In 1965 the first commercial scanning electron microscope (SEM), Stereoscan I, was produced by the Cambridge Instrument Company in the UK. Six months later JEOL launched the JSM-1 in Japan. Today the SEM is a versatile tool that can produce surface images with exceptional depth of field or with nanometer-level resolution; it is responsible in part for advances in microelectronics, life sciences, and many other disciplines. While the concept of the SEM was demonstrated in the 1930s, practical realization had to wait for developments in other technologies: electronic image display systems, efficient electron detectors, and improved vacuum systems to minimize specimen contamination.
In the early 1950s, Charles Oately and his students at the Engineering Laboratories of the University of Cambridge built a series of SEMs and solved the problems impeding the development of this microscope. Notably they devised the scintillator-photomultiplier electron detector to detect secondary electrons, an essential component of nearly every SEM built since. By 1958 an instrument with magnetic lenses, stigmator, and tilting specimen stage was completed and sold to the Canadian Pulp and Paper Research Institute.

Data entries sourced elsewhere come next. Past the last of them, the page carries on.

Lemma geodesic_pdist k s t : is_geodesic k -> pdist (k s) (k t) = tanh_half (Rabs (t - s)).
Proof.
  intros [Hk Hdist]; rewrite <- Hdist, hdist_pdist, tanh_half_two_artanh; [reflexivity|].
  apply pdist_bounds; apply Hk.
Qed.

Definition mdet (g : C * C) : R := Cmod (fst g) ^ 2 - Cmod (snd g) ^ 2.

Definition act_den (g : C * C) (z : C) : C := (Cconj (snd g) * z + Cconj (fst g))%C.

Lemma mdet_Cconj g : (fst g * Cconj (fst g) - snd g * Cconj (snd g))%C = RtoC (mdet g).
Proof.
  unfold mdet; rewrite !Cmod2_alt; destruct g as [[a1 a2] [b1 b2]].
  apply injective_projections; simpl; ring.
Qed.

Lemma mdet_ginv g : mdet (ginv g) = mdet g.
Proof. unfold mdet, ginv; simpl; rewrite Cmod_conj, Cmod_opp; reflexivity. Qed.

Lemma act_den_identity g z :
  Cmod (act_den g z) ^ 2 - Cmod (fst g * z + snd g)%C ^ 2 = mdet g * (1 - Cmod z ^ 2).
Proof.
  unfold act_den, mdet; rewrite !Cmod2_alt.
  destruct g as [[a1 a2] [b1 b2]], z; simpl; ring.
Qed.

Lemma act_den_neq_0 g z : 0 < mdet g -> in_disk z -> act_den g z <> RtoC 0.
Proof.
  intros Hg Hz%in_disk_Cmod_sqr E.
  pose proof (act_den_identity g z) as Id; rewrite E, Cmod_0 in Id.
  pose proof (Cmod_ge_0 (fst g * z + snd g)%C); nra.
Qed.

Lemma act_in_disk g z : 0 < mdet g -> in_disk z -> in_disk (act g z).
Proof.
  intros Hg Hz; pose proof (act_den_neq_0 g z Hg Hz) as D.
  unfold in_disk, act; rewrite Cmod_div by exact D; fold (act_den g z).
  apply Cmod_gt_0 in D; apply Rlt_div_l; [assumption|]; rewrite Rmult_1_l.
  apply in_disk_Cmod_sqr in Hz; pose proof (act_den_identity g z).
  pose proof (Cmod_ge_0 (fst g * z + snd g)%C); nra.
Qed.

Lemma act_sub g a b : act_den g a <> RtoC 0 -> act_den g b <> RtoC 0 ->
  (act g a - act g b)%C = (RtoC (mdet g) * (a - b) / (act_den g a * act_den g b))%C.
Proof.
  intros; rewrite <- mdet_Cconj; unfold act; fold (act_den g a) (act_den g b).
  unfold act_den in *; field; split; assumption.
Qed.

Lemma act_pdist_den g a b : act_den g a <> RtoC 0 -> act_den g b <> RtoC 0 ->
  (1 - Cconj (act g b) * act g a)%C
  = (RtoC (mdet g) * (1 - Cconj b * a) / (Cconj (act_den g b) * act_den g a))%C.
Proof.
  intros Ha Hb; pose proof (Cconj_neq_0 _ Hb) as Hb'.
  rewrite <- mdet_Cconj; unfold act; fold (act_den g a) (act_den g b).
  rewrite Cdiv_conj by exact Hb; revert Hb'; unfold act_den in *; intros Hb'.
  rewrite !Cplus_conj, !Cmult_conj, !Cconj_conj in *.
  field; split; assumption.
Qed.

Several companies were asked to manufacture the SEM. One of the manufacturers of transmission electron microscopes (TEMs) declined because the image resolution was not as good as the TEM (that company also declined to manufacture digital computers saying the market would be too small). In 1962 Cambridge Instruments decided to produce a commercial SEM based on the work of Oately’s group. Cambridge Instruments called their first SEM the “Stereoscan” because of the ease with which stunning stereo images could be produced. By the 1970s at least half a dozen companies produced SEMs in the US, Europe, and Japan.
The resolution of early instruments was about 20 nm at 20 keV; however, every few years an important innovation would make the SEM more useful. The field emission electron gun improved image resolution by an order of magnitude, the addition of the energy-dispersive X-ray spectrometer allowed detection of specimen elements, variable-pressure instruments allowed imaging of hydrated specimens, and electron backscattered diffraction attachments provided information about crystal orientation and phase identification. Modern instruments now provide sub-nanometer image resolution at 1 keV.
Some estimates indicate that there are over 50,000 SEMs in the world today. They are the imaging and analysis workhorses in many fields of research. Open the champagne and give a toast to 50 years of commercial SEMs!